While epigenetic changes do not change the base-pair sequences within the genome, they are heritable, meaning that future generations may inherit far more than just the A–T and G–C building blocks. It seems certain that different epigenetic mechanisms may partly explain why dietary factors at critical developmental stages might affect the susceptibility to diseases in adulthood.

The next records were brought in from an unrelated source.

(* A univariate polynomial vanishing on a neighbourhood [-d, d] of 0 is zero:
   otherwise the size q distinct points d / (k + 1), k < size q, would be too
   many roots. *)
Lemma poly_eq0_near0 (q : {poly R}) (d : R) :
  0 < d -> (forall t, `|t| <= d -> q.[t] = 0) -> q = 0.
Proof.
move=> d0 hq; apply/eqP; apply: contraT => nq.
set rs := [seq d / (k.+1)%:R | k <- iota 0 (size q)].
suff : leq (size rs).+1 (size q) by rewrite /rs size_map size_iota ltnn.
apply: max_poly_roots nq _ _.
  apply/allP => t /mapP[k _ ->]; apply/eqP; apply: hq.
  rewrite normrM normfV gtr0_norm // normr_nat ler_pdivrMr ?ltr0Sn //.
  have : 1 <= (k.+1)%:R :> R by rewrite ler1n.
  nra.
rewrite map_inj_uniq ?iota_uniq // => k l /(mulfI (lt0r_neq0 d0))/invr_inj/eqP.
by rewrite eqr_nat eqSS => /eqP.
Qed.

Section IdentityPrinciple.
Variable p : nat.
Local Notation vec := ('I_p -> R).

Definition open_in (U' U : vec -> Prop) : Prop :=
  [/\ is_open U', (exists x, U' x) & forall x, U' x -> U x].

Lemma open_in_trans (U'' U' U : vec -> Prop) :
  open_in U'' U' -> open_in U' U -> open_in U'' U.
Proof. by move=> [o'' ne'' s''] [_ _ s']; split => // x /s''/s'. Qed.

With microbes contributing 99% of all genetic information present in the body, maternal microbial transmission should be viewed as an additional and important mechanism of genetic and functional change in evolution. Horses are selected for characteristics such as temperament, strength, speed, and endurance. Although genetic selection tools have been developed to assist breeders in the choice of sires and dams, there is also a growing body of research reporting that the maternal environment modulates the genetic potential of the offspring. Under natural conditions, microbes that promote host fitness, especially in females, will simultaneously increase their odds of being transferred to the next generation. Under controlled breeding programmes, efforts to assist this beneficial effect should be encouraged: the trajectory of the young foal’s colonisation process has lifelong clinical implications. And being aware of its influence may not only improve the outlook for your foal, but your foal’s foals as well.